来月(5月)に冨田 勲さんの交響詩 「ジャングル大帝」(2009年改訂版)を日本フィルとCD録音するがこのスコアも手書きだ。
冨田さんのスコアのタッチはまるで少年のような生き生きとしたもので、すごく新鮮だ! 生命力溢れる音楽がそのまま音符の風景から感じられる。今から来月のレコーディングがすごく楽しみ。



「横浜開港150周年・神奈川県立音楽堂開館55周年特別演奏会」(5月30日)
そしてつい先日送られてきた5月30日に初演する一柳慧さんによるジャズピアニスト 山下洋輔さんのために書かれた新作、ピアノ協奏曲第4番 「ジャズ」 のスコアを開いてびっくりした。一柳先生の手書きの音符の美しさは尋常じゃない。
なんていうか背筋がゾッとするくらい美しい・・・!

一音一音をここまで美しく書き込まれた音符を見たのは初めて。

そしてその音楽は必要な音以外全てが削ぎ落とされていて、なにかとりつかれたようにジャズのリズムにのって強烈に迫ってくる。 またそこから弾きだされる和音の響きは、書かれた音符の美しさが怖くなるくらい・・・。

これは来月だけではもったいないと、一柳先生にも山下さんにも連絡せずにすぐ来年の 関西フィル の秋の定期で取り上げるのを決めてしまった。(山下さんには 「まだ音もだしてないのに」 と呆れられてしまったが快く来年も引き受けてくださった)。
5月30日にソリストの山下洋輔さんと神奈川フィルからどんな新しい音楽が生まれてくるかわくわくする。

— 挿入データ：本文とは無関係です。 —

Theorem lemma2p5 (U : rcfType) (d : U -> U) (K : U -> Prop) (n : nat) (a : U) :
  CODF_axioms d -> saturated_over d K -> elem_sub d K ->
  dim_over d K (jet d n a) n ->
  exists b : U, tp_eq d K (jet d n b) (jet d n a) /\
                (forall k : nat, (n <= k)%N -> iter k d b = 0).
Proof.
move=> codfU satK elemK dim_a.
have [b b_type] := satK K (ex_intro _ id (@inj_id _)) _ (@realization_type_params U d K n a)
  (realization_type_finsat codfU elemK dim_a).
have b0 : iter n d b = 0 by have := b_type _ (or_intror erefl); rewrite /= teval_iter_TDer.
exists b; split=> [f rf Kf|k le_nk].
  split=> [f_b|f_a]; last by apply/jetFP/b_type; left; exists f.
  apply: NNPP => nf_a; suff /jetFP : fholds d (@allU U) (fun _ => b) (jetF n (FNot f)) by [].
  by apply: b_type; left; exists (FNot f).
rewrite -(subnK le_nk) iterD b0; elim: (k - n)%N => //= m ->.
exact: derivation0 codfU.1.
Qed.
(* With m = 2k+1 and N = n+1, consider the nonnegative double series of
   4m / (N^(2a-2) (m^2 - 4N^2)^2).  Partial fractions in m give
   4m / (m^2 - 4N^2)^2 = (1/(2N)) (1/(m - 2N)^2 - 1/(m + 2N)^2); over odd m the two shifted
   copies of lambda(2) differ by 2 S_N^(2), so summing over k first and then over n gives
   sigma(2a-1, 2).  Partial fractions in N instead write each term as a combination of the
   1/N^(2j), of 1/(2N - m)^2 + 1/(2N + m)^2 and of 1/(2N - m) - 1/(2N + m), whose sums over n
   are zeta values, 2 lambda(2) - 1/m^2 and 1/m (telescoping); summing over n first and then
   over k gives the right-hand side.  Tonelli's theorem for nonnegative double series
   identifies the two orders of summation. *)

Lemma is_series_Rext (a b : nat -> R) (l : R) :
  (forall n, a n = b n) -> is_series a l -> is_series b l.
Proof. exact (is_series_ext a b l). Qed.

Lemma is_series_Rplus (a b : nat -> R) (la lb : R) :
  is_series a la -> is_series b lb -> is_series (fun n => a n + b n) (la + lb).
Proof. exact (is_series_plus a b la lb). Qed.

Lemma is_series_Rminus (a b : nat -> R) (la lb : R) :
  is_series a la -> is_series b lb -> is_series (fun n => a n - b n) (la - lb).
Proof. exact (is_series_minus a b la lb). Qed.

Lemma is_series_Rscal_l (c : R) (a : nat -> R) (la : R) :
  is_series a la -> is_series (fun n => c * a n) (c * la).
Proof. exact (is_series_scal_l c a la). Qed.

Lemma is_series_R0 : is_series (fun _ : nat => 0) 0.
Proof.
  apply (is_lim_seq_ext (fun _ => 0) (sum_n (fun _ => 0)) 0); [| apply is_lim_seq_const].
  intros n. rewrite sum_n_const. ring.
Qed.

Lemma is_series_Rincr_1 (a : nat -> R) (l : R) :
  is_series a l -> is_series (fun k => a (S k)) (l - a 0%nat).
Proof.
  intros H. apply is_series_incr_1.
  match goal with |- is_series _ ?x => replace x with l by (unfold plus; simpl; ring) end.
  exact H.
Qed.

Lemma is_series_Rdecr_1 (a : nat -> R) (l : R) :
  is_series (fun k => a (S k)) l -> is_series a (l + a 0%nat).
Proof.
  intros H. apply is_series_decr_1.
  match goal with |- is_series _ ?x => replace x with l by (unfold plus, opp; simpl; ring) end.
  exact H.
Qed.

Lemma is_series_sum_n (f : nat -> nat -> R) (F : nat -> R) (K : nat) :
  (forall i, (i <= K)%nat -> is_series (f i) (F i)) ->
  is_series (fun n => sum_n (fun i => f i n) K) (sum_n F K).
Proof.
  induction K as [|K IH]; intros H.
  - rewrite sum_O. apply (is_series_Rext (f 0%nat)); [intros; now rewrite sum_O | auto].
  - rewrite sum_Sn. apply (is_series_Rext (fun n => sum_n (fun i => f i n) K + f (S K) n)).
    { intros; now rewrite sum_Sn. }
    apply is_series_Rplus; auto.
Qed.

Lemma is_series_le (u v : nat -> R) (U V : R) :
  (forall n, u n <= v n) -> is_series u U -> is_series v V -> U <= V.
Proof.
  intros H Hu Hv.
  exact (is_lim_seq_le _ _ U V (fun N => sum_n_m_le u v 0 N H) Hu Hv).
Qed.

Lemma series_le_of_sum_n_le (u : nat -> R) (U M : R) :
  is_series u U -> (forall N, sum_n u N <= M) -> U <= M.
Proof.
  intros Hu H. exact (is_lim_seq_le _ (fun _ => M) U M H Hu (is_lim_seq_const M)).
Qed.

Lemma sum_n_le_series (u : nat -> R) (U : R) (N : nat) :
  (forall n, 0 <= u n) -> is_series u U -> sum_n u N <= U.
Proof.
  intros Hpos Hu. apply is_series_Reals in Hu. rewrite sum_n_Reals.
  apply growing_ineq; auto. intros n; simpl; specialize (Hpos (S n)); lra.
Qed.

Lemma series_nonneg (u : nat -> R) (U : R) : (forall n, 0 <= u n) -> is_series u U -> 0 <= U.
Proof. intros Hpos Hu. exact (is_series_le _ u 0 U Hpos is_series_R0 Hu). Qed.

Section NonnegDoubleSeries.

Variables (a : nat -> nat -> R) (row col : nat -> R).
Hypothesis a_nonneg : forall m n, 0 <= a m n.
Hypothesis is_series_row : forall m, is_series (a m) (row m).
Hypothesis is_series_col : forall n, is_series (fun m => a m n) (col n).

Lemma sum_n_col_le (B : R) (N : nat) : is_series row B -> sum_n col N <= B.
Proof.
  intros HB.
  apply (is_series_le (fun m => sum_n (a m) N) row); auto.
  - intros m. exact (sum_n_le_series (a m) (row m) N (a_nonneg m) (is_series_row m)).
  - apply (is_series_sum_n (fun n m => a m n)). auto.
Qed.

Lemma is_series_swap (B : R) : is_series row B -> is_series col B.
Proof.
  intros HB.
  assert (col_nonneg : forall n, 0 <= col n)
    by (intros n; exact (series_nonneg _ _ (fun m => a_nonneg m n) (is_series_col n))).
  destruct (ex_finite_lim_seq_incr (sum_n col) B) as [C HC].
  - intros n. rewrite sum_Sn. change plus with Rplus; simpl. specialize (col_nonneg (S n)); lra.
  - intros N. exact (sum_n_col_le B N HB).
  assert (C <= B) by exact (series_le_of_sum_n_le col C B HC (fun N => sum_n_col_le B N HB)).
  assert (B <= C).
  { apply (series_le_of_sum_n_le row B C HB). intros N.
    apply (is_series_le (fun n => sum_n (fun m => a m n) N) col); auto.
    - intros n. apply sum_n_le_series; auto.
    - apply (is_series_sum_n a). auto. }
  replace B with C by lra. exact HC.
Qed.

End NonnegDoubleSeries.

Lemma is_series_telescoping (v : nat -> R) :
  is_lim_seq v 0 -> is_series (fun n => v n - v (S n)) (v 0%nat).
Proof.
  intros H.
  apply (is_lim_seq_ext (fun n => v 0%nat - v (S n)) (sum_n (fun n => v n - v (S n))) (v 0%nat)).
  { intros n; induction n as [|n IH]; [now rewrite sum_O | rewrite sum_Sn, <- IH].
    unfold plus; simpl; ring. }
  replace (Finite (v 0%nat)) with (Rbar_minus (v 0%nat) 0) by (simpl; f_equal; ring).
  apply is_lim_seq_minus'; [apply is_lim_seq_const | now apply is_lim_seq_incr_1 in H].
Qed.
(* The preimage of ['L_j.+2] contains [N], so it is open, hence closed. *)
Lemma coset_perm_lcs j x :
  L j x -> coset_perm x \in ('L_j.+1(coset_perm_group))%g.
Proof.
elim: j x => [|j IHj] x Ljx; first exact: mem_coset_perm_group.
pose P := [set y | coset_perm y \in ('L_j.+2(coset_perm_group))%g].
have sgP : subgroup P.
  split => [|y z|y]; rewrite /P /= ?coset_perm1 ?group1 //.
    by rewrite coset_permM; exact: groupM.
  by rewrite coset_permV groupV.
have oP : open P.
  apply: subgroup_open sgP _; apply: filterS (open_nbhs_nbhs (conj oN (subgroup1 sgN))).
  by move=> y /coset_perm1P y1; rewrite /P /= y1 group1.
move: x Ljx; apply: (@closure_sub_preimage _ _ id _ P).
- by move=> y; exact: cvg_id.
- exact (open_subgroup_closed sgP oP).
apply: gen_min sgP _ => _ [a La [b _ <-]].
rewrite /P /= /Defs.commg !coset_permM !coset_permV -monoid.mulgA.
rewrite lcnSn; apply: mem_commg; [exact: IHj | exact: mem_coset_perm_group].
Qed.

End FiniteIndex.

(* The finite [p]-group [T / N] is nilpotent. *)
Lemma lcs_sub_normal_p_index N p k : open N -> is_normal_subgroup mul inv one N ->
  prime p -> has_index mul inv N (p ^ k) -> exists n, L n `<=` N.
Proof.
move=> oN nN pp [r r_transversal].
have [n Ln1] : exists n, ('L_n.+1(coset_perm_group nN r_transversal))%g = 1%g.
  apply/lcnP; apply: (@pgroup_nil _ p).
  by rewrite /pgroup card_coset_perm_group pnatX pnat_id.
exists n => x /(coset_perm_lcs oN nN r_transversal).
by rewrite Ln1 inE => /eqP /coset_perm1P.
Qed.

End TopologicalGroup.

Theorem lemma6p1 (T : topologicalType) (mul : T -> T -> T) (inv : T -> T) (one : T)
  (p : nat) (phi : T -> T) :
  pro_p_group mul inv one p ->
  lcs_quotients_torsion_free mul inv one ->
  is_automorphism mul phi ->
  finite_order phi ->
  trivial_on_abelianization mul inv one phi ->
  forall x, phi x = x.
Proof.
move=> [pp TG cT tdT p_index] tf [phiM phiC _] [n [n_gt0 phin]] phi1 x.
set c := mul (inv x) (phi x).
suff c1 : c = one by rewrite -(mulKVg TG x (phi x)) -/c c1 (mulg1 TG).
apply: contrapT => c_neq1.
have hT : hausdorff_space T by case: TG.
have [D [cD D1 nDc]] : exists D, [/\ clopen D, D one & ~ D c].
  by apply: compact_totally_disconnected_zero_dimensional => //; apply/eqP => /esym.
have [N [oN nN ND]] := open_normal_subgroup_sub_clopen TG cT cD D1.
have [k N_index] := p_index N oN nN.
have [m LmN] := lcs_sub_normal_p_index TG oN nN pp N_index.
apply/nDc/ND/LmN/(lcsS TG).
exact (displacement_lcs_all TG phiM phiC tf n_gt0 phin phi1 m (g := x)).
Qed.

ところで僕の恩師の故渡邉暁雄先生は 「僕たち音楽家や音楽関係者は過去の作曲家のおかげでメシを食えてる。その恩返しを今の作曲家にするのは我々の義務だよ」 と常々僕におっしゃっていた。

新しい作品や作曲家との出会いは素晴らしい。
指揮者冥利に尽きます。


 それではまた!

次回の 音楽の話 はもちろん4月29日の関西フィル定期で取り上げるラヴェルの作品の話をします。


   藤岡 幸夫


2009/04/14   「Sachioの独り言」


 僕は台所は女性の聖域だと思ってる・・・・・・じゃなかった・・・思ってた。

年間ホテル暮らしが220泊は越えるので東京にいるときは当たり前のようにかみさんに何でもやってもらっていたので、お恥ずかしい話だがトーストすら一度も焼いたことがないどころかトースターに触ったこともなかった(もっとも僕は和食党なんでご飯が多いですが)。

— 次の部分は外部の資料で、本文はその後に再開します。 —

(* Let $P$ be a continuous poset with $p\not\ll p$ for all $p\in P$, and let $M$ be a persistence module over $P$. Then (i) $M$ is not lower semi-continuous if $\mathrm{supp}\,M$ has a minimal element with respect to the way-below relation; (ii) $M$ is not upper semi-continuous if $\mathrm{supp}\,M$ has a maximal element with respect to the way-below relation. In particular, (iii) a nonzero finitely generated persistence module is not lower semi-continuous, and (iv) a nonzero finitely co-generated persistence module is not upper semi-continuous.
   Context: Let $P$ be a poset (as a category, $p\to q$ iff $p\le q$). A subset is directed if nonempty and any two elements have an upper bound in it. $x\ll y$ means: for every directed $D$ whose supremum exists with $y\le\sup D$, some $d\in D$ satisfies $x\le d$. $P$ is continuous if for each $p$ the set $\{x:x\ll p\}$ is directed with supremum $p$. An element $p$ is minimal (resp. maximal) in $S\subseteq P$ with respect to the way-below relation if $p\in S$ and $S\cap\{x:x\ll p\}\subseteq\{p\}$ (resp. $S\cap\{x:p\ll x\}\subseteq\{p\}$). $k$ is a commutative ring with unity; persistence modules are functors from $P$ to $k$-modules; $\mathrm{supp}\,M=\{p:M_p\ne0\}$. $k[U_x]$, $k[D_x]$ are indicator modules of $U_x=\{y\ge x\}$, $D_x=\{y\le x\}$ ($k$ on the set, $0$ elsewhere, identity maps inside). $M$ is finitely generated if there is an epimorphism onto $M$ from a finite direct sum of modules $k[U_x]$, and finitely co-generated if there is a monomorphism from $M$ into a finite direct sum of modules $k[D_x]$. $\underline M_p=\varprojlim_{x\gg p}M_x$, $\overline M_p=\varinjlim_{x\ll p}M_x$; $M$ is upper (resp. lower) semi-continuous if the canonical morphism $M\to\underline M$ (resp. $\overline M\to M$) is an isomorphism. *)

From HB Require Import structures.
From mathcomp Require Import all_boot all_order all_algebra.
Set Implicit Arguments. Unset Strict Implicit. Unset Printing Implicit Defensive.
Import Order.TTheory GRing.Theory.
Local Open Scope ring_scope.
From mathcomp Require Import all_boot all_order all_algebra.
From mathcomp Require Import all_classical all_reals all_analysis.
From mathcomp Require Import ring lra.
Import Order.TTheory GRing.Theory Num.Theory numFieldNormedType.Exports.
Local Open Scope classical_set_scope.
Local Open Scope ring_scope.

(* The flow [gamma_t] of the conformal field [y |-> v - <v, y> y] is an explicit
   rational map, and differentiating it shows that it is conformal on [S^n] with factor
   [alpha_t]: on vectors tangent to the sphere, [|d gamma_t h|^2 = alpha_t^2 |h|^2].  Hence
   [(gamma_t o phi)^* can = alpha_t^2 phi^* can] and [|d (gamma_t o phi)|^2 = alpha_t^2 |d phi|^2],
   with [0 < alpha_t <= 1] because [<v, phi> >= 0] and [t >= 0].  For [F(s) = (1 + 2 s)^a]
   one has [F''/F' = 2 (a - 1) / (1 + 2 s)], so
   [B = 2 (1 - a) (1 - alpha_t^2) phi_v / ((1 + 2 alpha_t^2 e) (1 + 2 e)) >= 0], and the
   stress-energy inequality becomes, pointwise and for each [X], a real inequality that
   follows from [S_g(phi)(X, X) >= 0] and the monotonicity of [x^(a-1)] and [x^(a-2)]. *)

Section PowR.
Context {R : realType}.

Lemma le0_ger_powR (r x y : R) : r <= 0 -> 0 < x -> x <= y -> y `^ r <= x `^ r.
Proof.
move=> r0 x0 xy; have y0 : 0 < y by apply: lt_le_trans xy.
have : x `^ (- r) <= y `^ (- r).
  by apply: ge0_ler_powR; rewrite ?oppr_ge0 // nnegrE ltW.
have inv_powRN z : z `^ r = (z `^ (- r))^-1 by rewrite -powRN opprK.
by rewrite (inv_powRN x) (inv_powRN y) lef_pV2 // posrE powR_gt0.
Qed.

Lemma powR_subr1 (x r : R) : 0 < x -> x `^ r = x `^ (r - 1) * x.
Proof.
move=> x0; rewrite -{3}(powRr1 (ltW x0)) -powRD; first by rewrite subrK.
by rewrite (gt_eqF x0) implybT.
Qed.

Lemma is_derive_powR_affine (b c s : R) : 0 < 1 + 2 * s ->
  is_derive s 1 (fun z : R => c * (1 + 2 * z) `^ b)
    (c * (b * (1 + 2 * s) `^ (b - 1) * 2)).
Proof.
move=> s_gt; have affine : is_derive s 1 (fun z : R => 1 + 2 * z) 2.
  by apply: is_derive_eq (is_deriveD _ (is_deriveZ 2 _)) _; rewrite add0r scaler1.
have : is_derive s 1 ((@powR R ^~ b) \o (fun z : R => 1 + 2 * z))
    (b * (1 + 2 * s) `^ (b - 1) * 2).
  by apply: is_derive1_comp; exact: is_derive1_powR.
by move=> /(is_deriveZ c) [].
Qed.

End PowR.

Section PowerF.
Context {R : realType} (a : R).

Lemma F1E (s : R) : 0 < 1 + 2 * s -> F1 a s = 2 * a * (1 + 2 * s) `^ (a - 1).
Proof.
move=> s_gt; rewrite /F1 derive1E.
have -> : Fa a = (fun z : R => 1 * (1 + 2 * z) `^ a).
  by apply/funext => z; rewrite mul1r.
by rewrite (derive_val (is_derive := is_derive_powR_affine a 1 s s_gt)); ring.
Qed.

Lemma F2E (s : R) : 0 < 1 + 2 * s ->
  F2 a s = 4 * a * (a - 1) * (1 + 2 * s) `^ (a - 2).
Proof.
move=> s_gt; rewrite /F2 derive1E.
rewrite (@near_eq_derive _ _ _ _ (fun z : R => (2 * a) * (1 + 2 * z) `^ (a - 1))).
  rewrite (derive_val (is_derive := is_derive_powR_affine (a - 1) (2 * a) s s_gt)).
  by rewrite -addrA -opprD; ring.
have s_gt' : - 2^-1 < s by lra.
near=> z; rewrite -/(F1 a z) F1E //.
near: z; apply: filterS (lt_nbhsr s_gt') => z; lra.
Unshelve. all: by end_near. Qed.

先日パンを焼いたら二枚連続で黒焦げ。なんとも情けない・・・。一昨日は奇跡的に目玉焼きを作るのに成功したが、今朝はゆで卵を二個失敗・・・トホホ・・・


今日は溜りに溜まった洗濯をしようと思って、はたと気がつくと乾燥機がない。知らなかった・・・

以前ホテルの部屋で溜まった下着を洗って部屋中に干したところ、乾いた後に雑菌の匂いがして結局全部クリーニングに出した苦い経験がある。同じ過ちは繰り返したくない。

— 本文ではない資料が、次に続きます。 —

(* Under uniform play, the expected cost of a deviation to k does not depend
   on k: relabel machines k and k'. *)
Lemma sum_deviation_indep (F C : rel 'I_n) (a b g : R) i (k k' : 'I_m) :
  \sum_(s : state n m) cost F C a b g (upd s i k) i
  = \sum_(s : state n m) cost F C a b g (upd s i k') i.
Proof.
have tK := tpermK k k'.
rewrite (reindex_inj (inv_inj (_ : involutive (relabel (tperm k k'))))) /=; last first.
  by move=> s; apply/ffunP => j; rewrite !ffunE tK.
apply: eq_bigr => s _.
by rewrite upd_relabel // cost_relabel ?tpermL //; exact: perm_inj.
Qed.

(* Part (ii), equilibrium: averaging over the machine of player i shows that
   her expected cost equals that of any fixed deviation. *)
Lemma uniform_is_mixed_NE (F C : rel 'I_n) (a b g : R) :
  is_mixed_NE F C a b g (product_distr (uniform_profile R n m)).
Proof.
split; last by exists (uniform_profile R n m); split => // i; exact: uniform_profile_distr.
split => [|i k]; first exact: uniform_product_distr.
rewrite !expect_uniform (sum_average_deviations _ i) exchange_big /=.
under eq_bigr do rewrite (sum_deviation_indep F C a b g i _ k).
by rewrite sum_const_ord mulKf // pnatr_eq0 -lt0n.
Qed.

Lemma expected_social_cost_uniform (F C : rel 'I_n) (a b g : R) :
  irreflexive F -> irreflexive C ->
  expect (product_distr (uniform_profile R n m)) (social_cost F C a b g)
  = uniform_deviation_cost n m F C a b g.
Proof.
move=> irrF irrC; have [_ sig1] := uniform_product_distr.
transitivity (expect (product_distr (uniform_profile R n m))
                     (fun _ => uniform_deviation_cost n m F C a b g)); last first.
  by rewrite /expect -mulr_suml sig1 mul1r.
rewrite !expect_uniform /social_cost exchange_big /=; congr (_ * _).
under eq_bigr => i _ do rewrite (sum_average_deviations _ i) mulr_sumr.
rewrite exchange_big /=; apply: eq_bigr => s _.
by rewrite -(uniform_deviation_total a b g irrF irrC s); under eq_bigr do rewrite mulr_sumr.
Qed.

End UniformProduct.

Lemma quotient_class_size m q N : (0 < m)%N ->
  (\sum_(0 <= j < N * m) ((j %/ m)%N == q) = if (q < N)%N then m else 0)%N.
Proof.
move=> m0; elim: N => [|N IH]; first by rewrite mul0n big_geq.
rewrite mulSnr (big_cat_nat (leq0n (N * m)) (leq_addr m (N * m))) IH /=.
rewrite -{1}[(N * m)%N]add0n big_addn addKn.
rewrite (eq_big_nat _ _ (F2 := fun _ => ((N == q) : nat))); last first.
  by move=> r /andP [_ hr]; rewrite addnC divnMDl // divn_small // addn0.
rewrite sum_nat_const_nat subn0 ltnS.
by case: (ltngtP q N) => [h|h|h] /=; rewrite ?muln0 ?muln1 ?addn0.
Qed.

Section TightInstance.
Variables (R : realFieldType) (m : nat).
Hypothesis m0 : (0 < m)%N.

Definition same_group : rel 'I_(m * m) :=
  [rel i j : 'I_(m * m) | (i %/ m == j %/ m)%N].

Lemma group_lt (i : 'I_(m * m)) : (i %/ m < m)%N.
Proof. by rewrite ltn_divLR. Qed.

Definition grouping_state : state (m * m) m := [ffun i => Ordinal (group_lt i)].

Lemma pair_count_same_group : pair_count same_group = m%:R * (m%:R * m%:R) :> R.
Proof.
rewrite /pair_count (eq_bigr (fun _ => m%:R)) ?sum_const_ord ?natrM ?mulrA //.
move=> i _; rewrite /= -natr_sum; congr _%:R.
rewrite (eq_bigr (fun j : 'I_(m * m) => ((j %/ m)%N == (i %/ m)%N) : nat)); last first.
  by move=> j _; rewrite /same_group /= eq_sym.
by rewrite -(big_mkord xpredT (fun j => ((j %/ m)%N == (i %/ m)%N) : nat))
           quotient_class_size // group_lt.
Qed.

Lemma grouping_state_cost (a b g : R) :
  social_cost (friend_groups m) (conflict_groups m) a b g grouping_state
  = a * (m%:R * (m%:R * m%:R)).
Proof.
have same_s0 i j : same_machine grouping_state i j = same_group i j.
  by rewrite /same_machine /same_group /= !ffunE eq_sym.
rewrite social_cost_pairs (eq_pair_count same_s0) pair_count_same_group.
rewrite !pair_count0 ?mulr0 ?addr0 // => i j /=; rewrite same_s0 /same_group /=.
  by rewrite /friend_groups andbCA andNb andbF.
by rewrite /conflict_groups andbN.
Qed.

Lemma friend_groups_irr : irreflexive (friend_groups m).
Proof. by move=> i; rewrite /friend_groups eqxx. Qed.

Lemma conflict_groups_irr : irreflexive (conflict_groups m).
Proof. by move=> i; rewrite /conflict_groups eqxx. Qed.

Variables (a b g : R).
Hypotheses (a0 : 0 < a) (b0 : 0 <= b) (g0 : 0 <= g).

(* The grouping state is optimal, by the general lower bound a n^2 / m. *)
Lemma tight_optimal_cost (sstar : state (m * m) m) :
  is_optimal (friend_groups m) (conflict_groups m) a b g sstar ->
  social_cost (friend_groups m) (conflict_groups m) a b g sstar
  = a * (m%:R * (m%:R * m%:R)).
Proof.
move=> opt; apply/eqP; rewrite eq_le -{1}(grouping_state_cost a b g) opt /=.
have lb := social_cost_lb (friend_groups m) (conflict_groups m) sstar (ltW a0) b0 g0.
rewrite -(ler_pM2l (_ : 0 < m%:R)) ?ltr0n //; apply: le_trans lb.
by rewrite natrM -!mulrA mulrCA.
Qed.

(* Part (ii), tightness: |E^-| = n^2 - m^3 and |E^+| = m^3 - n. *)
Lemma tight_expected_cost (sstar : state (m * m) m) :
  is_optimal (friend_groups m) (conflict_groups m) a b g sstar ->
  expect (product_distr (uniform_profile R (m * m) m))
         (social_cost (friend_groups m) (conflict_groups m) a b g)
  = Lambda R (m * m) m a b g
    * social_cost (friend_groups m) (conflict_groups m) a b g sstar.
Proof.
move=> opt; rewrite expected_social_cost_uniform //; last first.
- exact: conflict_groups_irr.
- exact: friend_groups_irr.
have conflicts : pair_count (conflict_groups m)
                 = (m * m)%:R * (m * m)%:R - m%:R * (m%:R * m%:R) :> R.
  by rewrite -pair_count_same_group -pair_count_compl.
have friends : pair_count (friend_groups m) = m%:R * (m%:R * m%:R) - (m * m)%:R :> R.
  by rewrite -pair_count_same_group -pair_count_offdiag // => i; rewrite /same_group /=.
rewrite tight_optimal_cost // /uniform_deviation_cost conflicts friends /Lambda natrM.
by field; rewrite pnatr_eq0 -lt0n m0 gt_eqF.
Qed.
End TightInstance.

Theorem theorem11 :
  (* parts (i) and (iii): an arbitrary instance *)
  (forall (R : realFieldType) (n m : nat) (F C : rel 'I_n) (a b g : R),
     (0 < n)%N -> (0 < m)%N -> valid_instance F C ->
     0 < a -> 0 <= b -> 0 <= g ->
     (g <= a ->
        @semi_smooth R n m F C a b g (Lambda R n m a b g) 0 /\
        forall (sig : {ffun state n m -> R}) (sstar : state n m),
          is_CCE F C a b g sig -> is_optimal F C a b g sstar ->
          expect sig (social_cost F C a b g)
            <= Lambda R n m a b g * social_cost F C a b g sstar)
     /\
     (a < g ->
        @semi_smooth R n m F C a b g (Lambda' R m a b g) 0))
  /\
  (* part (ii): tightness *)
  (forall (R : realFieldType) (m : nat) (a b g : R),
     (0 < m)%N -> 0 < a -> 0 <= b -> 0 <= g -> g <= a ->
     let F := friend_groups m in
     let C := conflict_groups m in
     let sig := product_distr (uniform_profile R (m * m)%N m) in
     is_mixed_NE F C a b g sig /\
     forall sstar : state (m * m)%N m, is_optimal F C a b g sstar ->
       expect sig (social_cost F C a b g)
         = Lambda R (m * m)%N m a b g * social_cost F C a b g sstar).
Proof.
split.
- move=> R n m F C a b g n0 m0 [_ irrF _ irrC _] a0 b0 g0; split.
  + move=> ga; have smooth := semi_smooth_Lambda m0 irrF irrC a0 b0 g0 n0 ga.
    split=> // sig sstar cce opt.
    by have := semi_smooth_CCE_bound smooth cce opt; rewrite mul0r addr0.
  + exact: semi_smooth_Lambda' m0 irrF irrC a0 b0 g0.
- move=> R m a b g m0 a0 b0 g0 _ F C sig; split; first exact: uniform_is_mixed_NE.
  exact: tight_expected_cost.
Qed.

今、使ったことのない洗濯機を回して頑張って洗濯物を上手く干してみるか、いっそのこと乾燥機を買いに行って、洗濯はそれからにするか迷ってる。


勝手に乾燥機を買った場合、かみさんは喜ぶのかそれとも無駄遣いと怒るのか?
その辺の女性心理が微妙で読めない・・・。


いずれにしても主婦は偉大だ・・・。


   藤岡 幸夫



2009/04/13


   「ラフマニノフ:ピアノ協奏曲第2番と園田高弘先生の思い出」 の話


 この話はこのラフマニノフを取り上げた先月書くつもりだったけど遅れてしまいました。僕の大切な思い出です。



2003年 園田高弘先生と
僕が初めて、当時日本のピアノ界の巨匠と言われた故園田高弘先生と共演した時の曲目がラフマニノフのピアノ協奏曲第2番だった(日本フィルの九州公演)。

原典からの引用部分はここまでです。